» **Data for this exercise**
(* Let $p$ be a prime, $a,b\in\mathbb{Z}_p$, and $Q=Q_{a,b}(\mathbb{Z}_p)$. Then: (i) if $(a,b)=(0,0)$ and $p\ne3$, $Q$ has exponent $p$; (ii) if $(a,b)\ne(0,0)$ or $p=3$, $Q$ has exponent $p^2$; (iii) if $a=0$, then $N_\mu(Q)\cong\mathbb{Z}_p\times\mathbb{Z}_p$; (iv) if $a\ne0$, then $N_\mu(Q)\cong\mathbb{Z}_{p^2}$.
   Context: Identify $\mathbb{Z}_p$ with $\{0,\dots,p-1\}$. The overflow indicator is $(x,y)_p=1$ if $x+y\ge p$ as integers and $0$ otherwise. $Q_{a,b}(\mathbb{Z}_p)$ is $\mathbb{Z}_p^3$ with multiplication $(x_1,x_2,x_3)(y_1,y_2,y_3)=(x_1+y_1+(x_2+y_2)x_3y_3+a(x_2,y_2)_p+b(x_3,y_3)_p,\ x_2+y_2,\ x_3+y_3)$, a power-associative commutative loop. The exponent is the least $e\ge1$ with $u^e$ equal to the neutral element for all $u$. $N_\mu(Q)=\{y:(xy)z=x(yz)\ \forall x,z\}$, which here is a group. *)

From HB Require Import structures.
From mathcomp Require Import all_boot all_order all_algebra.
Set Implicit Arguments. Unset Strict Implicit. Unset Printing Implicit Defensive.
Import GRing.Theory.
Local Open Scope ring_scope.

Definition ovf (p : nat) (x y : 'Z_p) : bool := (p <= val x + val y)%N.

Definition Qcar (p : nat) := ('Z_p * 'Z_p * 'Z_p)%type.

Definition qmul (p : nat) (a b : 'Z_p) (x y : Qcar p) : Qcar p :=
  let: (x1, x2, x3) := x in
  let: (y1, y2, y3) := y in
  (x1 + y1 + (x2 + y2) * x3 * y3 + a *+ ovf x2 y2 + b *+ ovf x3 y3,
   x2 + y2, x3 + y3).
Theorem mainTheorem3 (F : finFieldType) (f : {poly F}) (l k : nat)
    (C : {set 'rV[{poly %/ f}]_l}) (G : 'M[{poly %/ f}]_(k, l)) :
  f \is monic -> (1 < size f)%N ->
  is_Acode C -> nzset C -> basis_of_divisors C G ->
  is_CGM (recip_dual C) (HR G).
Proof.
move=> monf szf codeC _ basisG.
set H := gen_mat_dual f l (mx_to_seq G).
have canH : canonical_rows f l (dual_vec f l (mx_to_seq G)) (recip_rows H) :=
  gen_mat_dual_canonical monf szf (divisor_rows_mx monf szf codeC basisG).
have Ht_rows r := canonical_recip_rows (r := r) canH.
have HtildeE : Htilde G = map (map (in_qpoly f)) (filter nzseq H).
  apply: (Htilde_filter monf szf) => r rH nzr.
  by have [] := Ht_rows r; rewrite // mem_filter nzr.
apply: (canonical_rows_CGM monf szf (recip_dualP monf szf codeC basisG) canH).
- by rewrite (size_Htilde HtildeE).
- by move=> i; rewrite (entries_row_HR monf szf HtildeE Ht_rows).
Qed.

» **Work to complete**
Your reply should be the material above, repeated word for word.

» **Result for this task**
(* Let $p$ be a prime, $a,b\in\mathbb{Z}_p$, and $Q=Q_{a,b}(\mathbb{Z}_p)$. Then: (i) if $(a,b)=(0,0)$ and $p\ne3$, $Q$ has exponent $p$; (ii) if $(a,b)\ne(0,0)$ or $p=3$, $Q$ has exponent $p^2$; (iii) if $a=0$, then $N_\mu(Q)\cong\mathbb{Z}_p\times\mathbb{Z}_p$; (iv) if $a\ne0$, then $N_\mu(Q)\cong\mathbb{Z}_{p^2}$.
   Context: Identify $\mathbb{Z}_p$ with $\{0,\dots,p-1\}$. The overflow indicator is $(x,y)_p=1$ if $x+y\ge p$ as integers and $0$ otherwise. $Q_{a,b}(\mathbb{Z}_p)$ is $\mathbb{Z}_p^3$ with multiplication $(x_1,x_2,x_3)(y_1,y_2,y_3)=(x_1+y_1+(x_2+y_2)x_3y_3+a(x_2,y_2)_p+b(x_3,y_3)_p,\ x_2+y_2,\ x_3+y_3)$, a power-associative commutative loop. The exponent is the least $e\ge1$ with $u^e$ equal to the neutral element for all $u$. $N_\mu(Q)=\{y:(xy)z=x(yz)\ \forall x,z\}$, which here is a group. *)

From HB Require Import structures.
From mathcomp Require Import all_boot all_order all_algebra.
Set Implicit Arguments. Unset Strict Implicit. Unset Printing Implicit Defensive.
Import GRing.Theory.
Local Open Scope ring_scope.

Definition ovf (p : nat) (x y : 'Z_p) : bool := (p <= val x + val y)%N.

Definition Qcar (p : nat) := ('Z_p * 'Z_p * 'Z_p)%type.

Definition qmul (p : nat) (a b : 'Z_p) (x y : Qcar p) : Qcar p :=
  let: (x1, x2, x3) := x in
  let: (y1, y2, y3) := y in
  (x1 + y1 + (x2 + y2) * x3 * y3 + a *+ ovf x2 y2 + b *+ ovf x3 y3,
   x2 + y2, x3 + y3).
Theorem mainTheorem3 (F : finFieldType) (f : {poly F}) (l k : nat)
    (C : {set 'rV[{poly %/ f}]_l}) (G : 'M[{poly %/ f}]_(k, l)) :
  f \is monic -> (1 < size f)%N ->
  is_Acode C -> nzset C -> basis_of_divisors C G ->
  is_CGM (recip_dual C) (HR G).
Proof.
move=> monf szf codeC _ basisG.
set H := gen_mat_dual f l (mx_to_seq G).
have canH : canonical_rows f l (dual_vec f l (mx_to_seq G)) (recip_rows H) :=
  gen_mat_dual_canonical monf szf (divisor_rows_mx monf szf codeC basisG).
have Ht_rows r := canonical_recip_rows (r := r) canH.
have HtildeE : Htilde G = map (map (in_qpoly f)) (filter nzseq H).
  apply: (Htilde_filter monf szf) => r rH nzr.
  by have [] := Ht_rows r; rewrite // mem_filter nzr.
apply: (canonical_rows_CGM monf szf (recip_dualP monf szf codeC basisG) canH).
- by rewrite (size_Htilde HtildeE).
- by move=> i; rewrite (entries_row_HR monf szf HtildeE Ht_rows).
Qed.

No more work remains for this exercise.